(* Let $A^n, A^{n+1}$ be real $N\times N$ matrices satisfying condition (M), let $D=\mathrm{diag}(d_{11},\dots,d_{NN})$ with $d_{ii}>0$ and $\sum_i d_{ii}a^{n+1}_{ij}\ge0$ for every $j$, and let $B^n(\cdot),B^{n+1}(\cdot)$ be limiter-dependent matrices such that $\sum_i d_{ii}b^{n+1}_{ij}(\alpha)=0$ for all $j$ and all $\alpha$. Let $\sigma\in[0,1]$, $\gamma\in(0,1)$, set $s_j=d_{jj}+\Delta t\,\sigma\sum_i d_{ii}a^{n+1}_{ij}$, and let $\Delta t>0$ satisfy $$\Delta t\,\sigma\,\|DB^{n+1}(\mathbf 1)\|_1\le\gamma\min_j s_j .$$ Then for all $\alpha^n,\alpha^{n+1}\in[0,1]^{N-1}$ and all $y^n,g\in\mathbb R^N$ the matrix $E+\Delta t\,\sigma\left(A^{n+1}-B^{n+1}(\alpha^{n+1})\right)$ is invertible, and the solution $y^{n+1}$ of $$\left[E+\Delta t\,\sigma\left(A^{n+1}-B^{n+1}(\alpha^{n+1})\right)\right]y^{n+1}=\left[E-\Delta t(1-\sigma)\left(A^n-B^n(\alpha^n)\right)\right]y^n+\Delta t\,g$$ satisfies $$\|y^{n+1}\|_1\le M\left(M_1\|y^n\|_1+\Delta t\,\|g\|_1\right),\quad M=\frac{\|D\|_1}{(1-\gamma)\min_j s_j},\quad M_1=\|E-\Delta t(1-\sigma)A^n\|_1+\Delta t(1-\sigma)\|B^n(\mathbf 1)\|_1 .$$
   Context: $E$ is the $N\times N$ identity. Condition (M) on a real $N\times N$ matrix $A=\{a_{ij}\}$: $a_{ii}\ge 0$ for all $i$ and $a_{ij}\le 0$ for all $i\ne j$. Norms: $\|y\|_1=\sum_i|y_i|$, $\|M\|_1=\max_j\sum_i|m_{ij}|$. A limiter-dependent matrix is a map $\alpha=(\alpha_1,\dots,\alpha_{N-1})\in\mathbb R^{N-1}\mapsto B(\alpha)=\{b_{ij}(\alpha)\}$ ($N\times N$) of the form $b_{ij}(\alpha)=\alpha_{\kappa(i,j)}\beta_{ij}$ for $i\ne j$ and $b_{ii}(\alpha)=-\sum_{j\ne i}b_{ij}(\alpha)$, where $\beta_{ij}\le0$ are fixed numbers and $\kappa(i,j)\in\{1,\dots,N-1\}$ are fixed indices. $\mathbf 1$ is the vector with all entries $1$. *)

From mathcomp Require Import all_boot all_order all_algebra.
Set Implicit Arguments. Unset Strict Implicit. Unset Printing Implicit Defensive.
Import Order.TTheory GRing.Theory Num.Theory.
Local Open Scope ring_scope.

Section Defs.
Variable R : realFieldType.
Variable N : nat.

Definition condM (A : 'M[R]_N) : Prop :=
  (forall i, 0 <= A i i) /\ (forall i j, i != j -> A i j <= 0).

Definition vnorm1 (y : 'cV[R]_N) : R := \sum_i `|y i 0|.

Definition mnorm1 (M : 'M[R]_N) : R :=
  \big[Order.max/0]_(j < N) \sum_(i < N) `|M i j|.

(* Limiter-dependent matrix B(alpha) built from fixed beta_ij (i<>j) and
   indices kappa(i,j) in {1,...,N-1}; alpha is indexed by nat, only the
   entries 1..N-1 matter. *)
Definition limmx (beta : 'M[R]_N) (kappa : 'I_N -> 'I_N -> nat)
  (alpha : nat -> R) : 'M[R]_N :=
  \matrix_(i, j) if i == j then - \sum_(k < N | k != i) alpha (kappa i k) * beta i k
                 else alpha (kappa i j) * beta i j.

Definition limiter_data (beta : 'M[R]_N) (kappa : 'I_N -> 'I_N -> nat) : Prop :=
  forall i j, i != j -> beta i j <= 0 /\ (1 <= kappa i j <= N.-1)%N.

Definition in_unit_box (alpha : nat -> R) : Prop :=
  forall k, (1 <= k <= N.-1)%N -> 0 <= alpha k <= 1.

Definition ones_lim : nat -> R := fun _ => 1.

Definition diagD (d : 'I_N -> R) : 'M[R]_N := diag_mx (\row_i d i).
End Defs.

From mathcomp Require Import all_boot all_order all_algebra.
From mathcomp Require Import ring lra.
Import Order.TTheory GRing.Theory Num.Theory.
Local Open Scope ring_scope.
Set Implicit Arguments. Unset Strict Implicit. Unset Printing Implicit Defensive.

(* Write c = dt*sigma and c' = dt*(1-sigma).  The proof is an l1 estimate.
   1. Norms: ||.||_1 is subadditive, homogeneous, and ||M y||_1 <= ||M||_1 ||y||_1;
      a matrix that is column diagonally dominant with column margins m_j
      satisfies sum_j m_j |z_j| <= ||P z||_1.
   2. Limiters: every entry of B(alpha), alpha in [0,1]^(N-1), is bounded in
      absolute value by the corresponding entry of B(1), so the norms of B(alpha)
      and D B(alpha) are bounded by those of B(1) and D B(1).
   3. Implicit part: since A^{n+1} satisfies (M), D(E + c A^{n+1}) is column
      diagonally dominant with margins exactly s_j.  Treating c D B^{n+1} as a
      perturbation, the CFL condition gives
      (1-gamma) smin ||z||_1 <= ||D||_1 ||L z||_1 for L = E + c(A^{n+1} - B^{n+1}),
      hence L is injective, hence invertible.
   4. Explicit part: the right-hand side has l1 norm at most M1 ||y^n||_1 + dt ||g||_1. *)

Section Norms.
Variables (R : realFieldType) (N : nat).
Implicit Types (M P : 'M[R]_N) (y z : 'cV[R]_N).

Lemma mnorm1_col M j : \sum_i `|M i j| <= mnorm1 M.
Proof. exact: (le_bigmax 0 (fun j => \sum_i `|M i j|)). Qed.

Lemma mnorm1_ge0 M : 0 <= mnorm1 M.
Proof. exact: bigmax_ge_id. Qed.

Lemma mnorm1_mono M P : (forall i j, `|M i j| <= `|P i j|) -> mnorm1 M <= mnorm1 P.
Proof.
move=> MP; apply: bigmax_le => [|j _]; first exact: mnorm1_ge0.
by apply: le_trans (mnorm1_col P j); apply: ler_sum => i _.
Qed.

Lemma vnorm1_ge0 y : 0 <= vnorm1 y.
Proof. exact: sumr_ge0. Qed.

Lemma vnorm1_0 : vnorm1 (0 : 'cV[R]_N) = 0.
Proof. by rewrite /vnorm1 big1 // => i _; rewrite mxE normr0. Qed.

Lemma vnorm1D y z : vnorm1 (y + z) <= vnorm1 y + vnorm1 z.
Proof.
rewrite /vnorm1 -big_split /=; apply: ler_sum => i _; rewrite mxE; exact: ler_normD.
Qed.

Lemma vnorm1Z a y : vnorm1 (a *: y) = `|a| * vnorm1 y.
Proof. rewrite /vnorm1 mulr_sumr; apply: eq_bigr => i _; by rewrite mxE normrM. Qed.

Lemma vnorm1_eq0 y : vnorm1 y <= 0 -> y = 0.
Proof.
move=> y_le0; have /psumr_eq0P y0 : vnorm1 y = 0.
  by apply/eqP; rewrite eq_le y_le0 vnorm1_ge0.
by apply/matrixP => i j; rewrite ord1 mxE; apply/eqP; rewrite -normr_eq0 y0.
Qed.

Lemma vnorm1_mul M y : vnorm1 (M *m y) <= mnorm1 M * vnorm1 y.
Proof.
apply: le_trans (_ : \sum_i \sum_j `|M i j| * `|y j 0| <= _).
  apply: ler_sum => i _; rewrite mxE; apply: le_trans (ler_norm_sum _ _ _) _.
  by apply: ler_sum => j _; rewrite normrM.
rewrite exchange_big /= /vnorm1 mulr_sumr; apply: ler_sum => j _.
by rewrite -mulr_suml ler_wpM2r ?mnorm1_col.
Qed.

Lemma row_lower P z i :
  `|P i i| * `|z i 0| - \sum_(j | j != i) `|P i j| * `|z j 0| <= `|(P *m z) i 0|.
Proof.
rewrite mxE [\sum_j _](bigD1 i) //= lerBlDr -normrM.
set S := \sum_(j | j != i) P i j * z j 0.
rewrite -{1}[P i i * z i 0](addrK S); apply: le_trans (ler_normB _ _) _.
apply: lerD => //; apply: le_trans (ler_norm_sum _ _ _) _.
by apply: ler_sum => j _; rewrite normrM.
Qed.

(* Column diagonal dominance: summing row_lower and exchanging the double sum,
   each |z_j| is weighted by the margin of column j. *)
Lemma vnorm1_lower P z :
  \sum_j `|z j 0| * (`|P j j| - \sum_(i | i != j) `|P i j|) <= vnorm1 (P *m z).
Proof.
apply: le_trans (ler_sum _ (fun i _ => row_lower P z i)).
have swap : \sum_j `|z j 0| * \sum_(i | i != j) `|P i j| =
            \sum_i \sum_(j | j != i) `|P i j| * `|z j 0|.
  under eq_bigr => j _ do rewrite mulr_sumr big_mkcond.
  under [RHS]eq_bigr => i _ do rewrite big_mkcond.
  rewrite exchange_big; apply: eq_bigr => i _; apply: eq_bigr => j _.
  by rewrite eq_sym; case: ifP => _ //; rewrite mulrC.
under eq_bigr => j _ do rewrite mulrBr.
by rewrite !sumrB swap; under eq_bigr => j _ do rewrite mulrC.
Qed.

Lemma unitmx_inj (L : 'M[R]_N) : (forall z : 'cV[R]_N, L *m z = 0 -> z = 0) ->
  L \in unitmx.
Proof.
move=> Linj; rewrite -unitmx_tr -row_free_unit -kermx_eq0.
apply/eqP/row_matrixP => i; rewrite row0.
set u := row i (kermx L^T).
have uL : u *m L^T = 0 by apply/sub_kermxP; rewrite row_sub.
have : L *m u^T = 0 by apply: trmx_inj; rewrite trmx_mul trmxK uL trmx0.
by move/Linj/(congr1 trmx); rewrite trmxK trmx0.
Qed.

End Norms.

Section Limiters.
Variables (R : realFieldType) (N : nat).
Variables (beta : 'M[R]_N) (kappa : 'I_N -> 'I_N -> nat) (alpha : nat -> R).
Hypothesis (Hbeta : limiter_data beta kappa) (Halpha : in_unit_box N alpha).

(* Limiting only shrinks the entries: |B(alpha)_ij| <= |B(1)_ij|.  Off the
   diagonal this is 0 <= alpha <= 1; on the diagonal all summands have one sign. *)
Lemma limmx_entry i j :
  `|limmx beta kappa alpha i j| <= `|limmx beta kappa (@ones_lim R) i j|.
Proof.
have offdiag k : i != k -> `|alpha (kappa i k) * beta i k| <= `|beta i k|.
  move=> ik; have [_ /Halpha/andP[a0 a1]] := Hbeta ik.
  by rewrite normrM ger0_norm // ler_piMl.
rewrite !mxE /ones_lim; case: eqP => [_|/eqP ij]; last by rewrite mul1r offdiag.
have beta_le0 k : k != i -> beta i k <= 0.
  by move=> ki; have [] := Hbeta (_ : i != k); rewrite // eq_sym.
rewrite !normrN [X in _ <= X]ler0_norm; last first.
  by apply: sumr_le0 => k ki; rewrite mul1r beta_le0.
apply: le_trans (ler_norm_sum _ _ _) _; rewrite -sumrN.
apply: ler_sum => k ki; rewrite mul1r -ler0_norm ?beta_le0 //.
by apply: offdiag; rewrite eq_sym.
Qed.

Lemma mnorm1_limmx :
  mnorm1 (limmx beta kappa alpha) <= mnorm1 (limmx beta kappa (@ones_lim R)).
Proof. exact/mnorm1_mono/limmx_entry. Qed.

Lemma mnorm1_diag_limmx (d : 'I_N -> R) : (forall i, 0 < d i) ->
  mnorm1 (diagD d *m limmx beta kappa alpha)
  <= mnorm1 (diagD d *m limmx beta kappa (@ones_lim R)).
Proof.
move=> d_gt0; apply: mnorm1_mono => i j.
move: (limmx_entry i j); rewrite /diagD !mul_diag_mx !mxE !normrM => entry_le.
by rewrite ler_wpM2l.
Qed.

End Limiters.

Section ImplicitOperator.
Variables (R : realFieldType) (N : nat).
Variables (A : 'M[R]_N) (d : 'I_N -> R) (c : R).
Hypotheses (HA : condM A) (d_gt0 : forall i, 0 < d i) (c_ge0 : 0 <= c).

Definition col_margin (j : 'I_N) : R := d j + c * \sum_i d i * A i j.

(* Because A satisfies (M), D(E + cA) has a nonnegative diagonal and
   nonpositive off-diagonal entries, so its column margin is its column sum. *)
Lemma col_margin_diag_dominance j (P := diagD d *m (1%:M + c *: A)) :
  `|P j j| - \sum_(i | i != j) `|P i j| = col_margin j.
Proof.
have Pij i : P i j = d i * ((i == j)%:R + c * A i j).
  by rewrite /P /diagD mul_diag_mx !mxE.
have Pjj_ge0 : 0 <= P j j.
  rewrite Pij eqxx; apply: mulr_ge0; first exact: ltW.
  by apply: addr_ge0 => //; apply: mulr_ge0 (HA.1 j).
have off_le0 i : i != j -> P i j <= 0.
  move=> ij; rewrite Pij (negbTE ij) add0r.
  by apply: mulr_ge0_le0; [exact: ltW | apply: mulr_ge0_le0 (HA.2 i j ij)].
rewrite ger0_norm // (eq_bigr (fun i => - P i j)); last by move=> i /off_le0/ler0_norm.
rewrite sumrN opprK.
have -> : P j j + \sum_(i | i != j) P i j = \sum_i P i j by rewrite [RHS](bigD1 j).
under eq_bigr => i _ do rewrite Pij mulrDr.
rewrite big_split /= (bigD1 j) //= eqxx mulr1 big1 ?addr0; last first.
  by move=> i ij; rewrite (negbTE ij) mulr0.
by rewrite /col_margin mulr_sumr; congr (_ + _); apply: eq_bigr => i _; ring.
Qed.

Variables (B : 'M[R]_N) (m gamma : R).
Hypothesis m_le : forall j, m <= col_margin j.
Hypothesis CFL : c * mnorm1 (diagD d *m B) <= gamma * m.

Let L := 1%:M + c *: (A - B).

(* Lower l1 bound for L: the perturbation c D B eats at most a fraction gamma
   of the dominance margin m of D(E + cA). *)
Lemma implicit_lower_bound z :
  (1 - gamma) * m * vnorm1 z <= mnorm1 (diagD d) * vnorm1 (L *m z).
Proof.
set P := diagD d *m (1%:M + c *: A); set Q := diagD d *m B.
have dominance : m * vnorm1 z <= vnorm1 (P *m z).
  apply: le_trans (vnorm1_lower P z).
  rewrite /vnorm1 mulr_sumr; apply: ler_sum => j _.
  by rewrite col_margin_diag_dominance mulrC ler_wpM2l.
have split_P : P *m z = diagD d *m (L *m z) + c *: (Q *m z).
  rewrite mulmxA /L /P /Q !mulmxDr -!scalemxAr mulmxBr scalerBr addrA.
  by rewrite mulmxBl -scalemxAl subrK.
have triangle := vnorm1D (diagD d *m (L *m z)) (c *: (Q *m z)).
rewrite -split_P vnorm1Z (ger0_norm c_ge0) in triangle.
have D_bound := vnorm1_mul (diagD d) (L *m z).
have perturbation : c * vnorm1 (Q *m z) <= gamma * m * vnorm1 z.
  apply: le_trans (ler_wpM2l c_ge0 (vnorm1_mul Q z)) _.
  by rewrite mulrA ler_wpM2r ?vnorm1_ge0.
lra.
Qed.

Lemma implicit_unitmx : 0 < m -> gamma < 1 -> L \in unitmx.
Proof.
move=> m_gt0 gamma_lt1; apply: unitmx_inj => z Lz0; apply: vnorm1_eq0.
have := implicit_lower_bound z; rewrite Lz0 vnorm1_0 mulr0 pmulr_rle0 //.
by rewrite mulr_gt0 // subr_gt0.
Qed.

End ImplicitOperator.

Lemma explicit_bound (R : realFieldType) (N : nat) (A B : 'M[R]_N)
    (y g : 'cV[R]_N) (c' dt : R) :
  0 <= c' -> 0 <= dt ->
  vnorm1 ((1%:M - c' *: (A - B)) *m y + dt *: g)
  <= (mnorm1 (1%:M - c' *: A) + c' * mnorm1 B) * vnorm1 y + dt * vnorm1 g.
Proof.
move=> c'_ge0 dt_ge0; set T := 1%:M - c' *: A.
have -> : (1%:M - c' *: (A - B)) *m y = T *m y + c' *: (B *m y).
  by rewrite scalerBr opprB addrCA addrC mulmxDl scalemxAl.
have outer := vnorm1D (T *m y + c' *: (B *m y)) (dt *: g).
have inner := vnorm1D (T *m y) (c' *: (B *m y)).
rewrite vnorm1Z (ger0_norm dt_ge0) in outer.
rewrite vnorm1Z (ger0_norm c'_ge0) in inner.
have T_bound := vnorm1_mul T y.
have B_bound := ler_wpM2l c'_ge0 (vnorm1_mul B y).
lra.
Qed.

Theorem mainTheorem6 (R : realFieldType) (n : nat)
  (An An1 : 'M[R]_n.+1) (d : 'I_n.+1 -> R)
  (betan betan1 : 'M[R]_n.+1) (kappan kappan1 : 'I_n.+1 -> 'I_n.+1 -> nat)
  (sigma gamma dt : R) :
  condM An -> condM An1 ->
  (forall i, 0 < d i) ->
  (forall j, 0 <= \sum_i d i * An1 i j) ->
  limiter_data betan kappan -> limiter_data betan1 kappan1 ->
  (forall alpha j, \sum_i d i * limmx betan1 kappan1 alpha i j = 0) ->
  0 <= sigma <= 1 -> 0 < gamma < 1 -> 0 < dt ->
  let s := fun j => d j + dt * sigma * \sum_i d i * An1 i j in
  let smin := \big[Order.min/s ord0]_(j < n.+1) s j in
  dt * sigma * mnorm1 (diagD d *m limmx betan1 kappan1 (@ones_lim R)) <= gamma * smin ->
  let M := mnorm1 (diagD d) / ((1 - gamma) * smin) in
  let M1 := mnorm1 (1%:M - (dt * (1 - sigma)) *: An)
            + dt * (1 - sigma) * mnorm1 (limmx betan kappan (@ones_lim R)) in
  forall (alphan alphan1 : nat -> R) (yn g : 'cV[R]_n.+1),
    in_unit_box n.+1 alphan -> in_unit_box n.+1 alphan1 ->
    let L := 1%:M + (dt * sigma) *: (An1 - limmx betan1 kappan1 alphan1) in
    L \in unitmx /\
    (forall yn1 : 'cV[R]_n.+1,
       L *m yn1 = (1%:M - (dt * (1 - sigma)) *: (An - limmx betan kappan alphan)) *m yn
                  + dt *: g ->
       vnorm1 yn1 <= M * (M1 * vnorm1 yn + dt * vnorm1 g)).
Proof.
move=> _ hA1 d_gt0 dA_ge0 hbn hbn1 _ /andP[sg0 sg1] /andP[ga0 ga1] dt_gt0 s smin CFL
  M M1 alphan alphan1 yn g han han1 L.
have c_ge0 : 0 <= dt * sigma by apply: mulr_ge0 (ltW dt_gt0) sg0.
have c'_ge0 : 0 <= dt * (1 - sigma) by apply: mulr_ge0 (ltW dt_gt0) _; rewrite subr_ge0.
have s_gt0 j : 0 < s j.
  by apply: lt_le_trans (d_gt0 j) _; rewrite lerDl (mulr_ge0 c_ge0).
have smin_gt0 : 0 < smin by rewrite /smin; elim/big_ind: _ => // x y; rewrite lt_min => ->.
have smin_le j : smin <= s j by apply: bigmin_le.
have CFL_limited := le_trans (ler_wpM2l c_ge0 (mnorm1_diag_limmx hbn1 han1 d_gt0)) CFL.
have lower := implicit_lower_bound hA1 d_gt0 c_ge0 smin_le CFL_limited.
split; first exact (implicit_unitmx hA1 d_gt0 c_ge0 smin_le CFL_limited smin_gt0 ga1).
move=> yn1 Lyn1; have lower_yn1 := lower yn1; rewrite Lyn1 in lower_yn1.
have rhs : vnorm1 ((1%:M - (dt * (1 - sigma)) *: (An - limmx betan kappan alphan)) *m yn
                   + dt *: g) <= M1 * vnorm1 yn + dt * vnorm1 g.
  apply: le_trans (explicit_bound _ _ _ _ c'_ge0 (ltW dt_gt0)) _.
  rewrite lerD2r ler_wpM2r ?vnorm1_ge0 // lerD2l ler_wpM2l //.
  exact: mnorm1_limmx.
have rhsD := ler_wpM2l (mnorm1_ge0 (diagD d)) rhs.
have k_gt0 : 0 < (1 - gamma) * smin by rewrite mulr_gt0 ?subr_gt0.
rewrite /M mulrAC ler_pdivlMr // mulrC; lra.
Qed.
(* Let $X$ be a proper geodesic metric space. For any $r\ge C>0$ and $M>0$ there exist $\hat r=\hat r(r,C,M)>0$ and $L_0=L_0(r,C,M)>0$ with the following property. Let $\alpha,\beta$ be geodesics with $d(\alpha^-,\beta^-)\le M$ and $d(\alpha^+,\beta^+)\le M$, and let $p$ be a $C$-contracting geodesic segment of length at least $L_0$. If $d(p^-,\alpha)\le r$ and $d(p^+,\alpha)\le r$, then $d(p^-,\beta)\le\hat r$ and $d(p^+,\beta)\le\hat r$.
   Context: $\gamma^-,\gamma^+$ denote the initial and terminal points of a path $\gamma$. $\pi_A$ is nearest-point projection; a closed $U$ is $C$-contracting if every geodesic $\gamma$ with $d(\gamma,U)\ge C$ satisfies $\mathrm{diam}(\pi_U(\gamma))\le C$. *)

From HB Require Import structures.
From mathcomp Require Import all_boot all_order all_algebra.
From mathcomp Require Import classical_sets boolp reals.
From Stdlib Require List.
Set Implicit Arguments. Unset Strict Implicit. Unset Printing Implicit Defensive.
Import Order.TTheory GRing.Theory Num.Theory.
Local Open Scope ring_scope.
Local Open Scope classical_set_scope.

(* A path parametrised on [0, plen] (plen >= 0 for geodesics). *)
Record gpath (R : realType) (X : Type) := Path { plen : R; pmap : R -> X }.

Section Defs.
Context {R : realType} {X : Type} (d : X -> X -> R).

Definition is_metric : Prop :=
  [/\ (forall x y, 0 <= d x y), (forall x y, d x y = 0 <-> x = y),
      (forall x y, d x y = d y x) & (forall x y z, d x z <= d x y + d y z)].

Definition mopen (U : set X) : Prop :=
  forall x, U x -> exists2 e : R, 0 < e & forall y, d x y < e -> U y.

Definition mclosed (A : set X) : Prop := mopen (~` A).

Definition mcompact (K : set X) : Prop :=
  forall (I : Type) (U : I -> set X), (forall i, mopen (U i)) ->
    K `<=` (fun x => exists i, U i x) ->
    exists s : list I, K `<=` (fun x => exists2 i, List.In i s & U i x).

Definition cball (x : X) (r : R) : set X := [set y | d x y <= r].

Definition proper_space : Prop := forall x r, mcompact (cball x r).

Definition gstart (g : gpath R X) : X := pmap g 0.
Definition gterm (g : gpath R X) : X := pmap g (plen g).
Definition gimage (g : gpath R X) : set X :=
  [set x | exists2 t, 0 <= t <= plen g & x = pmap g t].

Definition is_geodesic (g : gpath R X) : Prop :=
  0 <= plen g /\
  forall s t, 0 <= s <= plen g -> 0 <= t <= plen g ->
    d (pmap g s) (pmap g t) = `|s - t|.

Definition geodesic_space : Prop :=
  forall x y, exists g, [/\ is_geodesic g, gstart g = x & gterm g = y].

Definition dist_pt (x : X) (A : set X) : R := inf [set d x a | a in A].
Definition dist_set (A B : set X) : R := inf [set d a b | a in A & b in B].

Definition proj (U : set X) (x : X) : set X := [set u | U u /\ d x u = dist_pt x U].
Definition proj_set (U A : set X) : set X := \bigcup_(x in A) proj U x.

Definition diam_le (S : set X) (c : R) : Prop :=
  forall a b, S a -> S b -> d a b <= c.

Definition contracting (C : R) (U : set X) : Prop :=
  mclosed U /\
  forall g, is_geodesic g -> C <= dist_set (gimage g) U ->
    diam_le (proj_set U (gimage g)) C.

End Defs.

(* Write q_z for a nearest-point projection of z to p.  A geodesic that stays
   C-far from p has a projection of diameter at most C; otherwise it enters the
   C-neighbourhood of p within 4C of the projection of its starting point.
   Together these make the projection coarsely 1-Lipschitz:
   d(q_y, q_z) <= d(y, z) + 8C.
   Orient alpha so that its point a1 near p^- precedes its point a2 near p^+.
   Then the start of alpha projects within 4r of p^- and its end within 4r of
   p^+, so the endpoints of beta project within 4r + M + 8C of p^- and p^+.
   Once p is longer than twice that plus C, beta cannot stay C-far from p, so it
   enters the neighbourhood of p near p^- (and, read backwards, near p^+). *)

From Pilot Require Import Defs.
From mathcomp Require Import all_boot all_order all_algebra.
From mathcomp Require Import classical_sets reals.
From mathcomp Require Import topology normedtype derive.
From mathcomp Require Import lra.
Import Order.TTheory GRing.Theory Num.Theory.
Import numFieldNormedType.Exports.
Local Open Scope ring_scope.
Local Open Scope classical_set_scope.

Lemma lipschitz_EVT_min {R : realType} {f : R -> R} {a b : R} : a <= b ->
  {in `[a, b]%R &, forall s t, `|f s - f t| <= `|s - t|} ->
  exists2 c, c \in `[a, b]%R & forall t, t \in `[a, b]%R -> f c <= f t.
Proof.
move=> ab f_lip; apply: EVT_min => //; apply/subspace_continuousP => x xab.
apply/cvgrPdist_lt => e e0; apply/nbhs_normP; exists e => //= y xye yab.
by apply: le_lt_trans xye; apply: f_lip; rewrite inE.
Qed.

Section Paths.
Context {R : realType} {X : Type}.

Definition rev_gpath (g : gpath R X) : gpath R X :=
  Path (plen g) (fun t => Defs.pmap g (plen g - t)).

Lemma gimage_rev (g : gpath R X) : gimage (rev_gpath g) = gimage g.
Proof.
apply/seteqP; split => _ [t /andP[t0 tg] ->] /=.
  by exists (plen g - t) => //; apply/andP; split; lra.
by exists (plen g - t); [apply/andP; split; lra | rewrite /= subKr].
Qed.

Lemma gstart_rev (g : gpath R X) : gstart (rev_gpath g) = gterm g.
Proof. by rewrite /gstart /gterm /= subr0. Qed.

========================================

Lines to set down from above: the line with "have split_P : P", the line with "by rewrite scalerBr", and every line between, each exactly as written.

have split_P : P *m z = diagD d *m (L *m z) + c *: (Q *m z).
  rewrite mulmxA /L /P /Q !mulmxDr -!scalemxAr mulmxBr scalerBr addrA.
  by rewrite mulmxBl -scalemxAl subrK.
have triangle := vnorm1D (diagD d *m (L *m z)) (c *: (Q *m z)).
rewrite -split_P vnorm1Z (ger0_norm c_ge0) in triangle.
have D_bound := vnorm1_mul (diagD d) (L *m z).
have perturbation : c * vnorm1 (Q *m z) <= gamma * m * vnorm1 z.
  apply: le_trans (ler_wpM2l c_ge0 (vnorm1_mul Q z)) _.
  by rewrite mulrA ler_wpM2r ?vnorm1_ge0.
lra.
Qed.

Lemma implicit_unitmx : 0 < m -> gamma < 1 -> L \in unitmx.
Proof.
move=> m_gt0 gamma_lt1; apply: unitmx_inj => z Lz0; apply: vnorm1_eq0.
have := implicit_lower_bound z; rewrite Lz0 vnorm1_0 mulr0 pmulr_rle0 //.
by rewrite mulr_gt0 // subr_gt0.
Qed.

End ImplicitOperator.

Lemma explicit_bound (R : realFieldType) (N : nat) (A B : 'M[R]_N)
    (y g : 'cV[R]_N) (c' dt : R) :
  0 <= c' -> 0 <= dt ->
  vnorm1 ((1%:M - c' *: (A - B)) *m y + dt *: g)
  <= (mnorm1 (1%:M - c' *: A) + c' * mnorm1 B) * vnorm1 y + dt * vnorm1 g.
Proof.
move=> c'_ge0 dt_ge0; set T := 1%:M - c' *: A.
have -> : (1%:M - c' *: (A - B)) *m y = T *m y + c' *: (B *m y).
  by rewrite scalerBr opprB addrCA addrC mulmxDl scalemxAl.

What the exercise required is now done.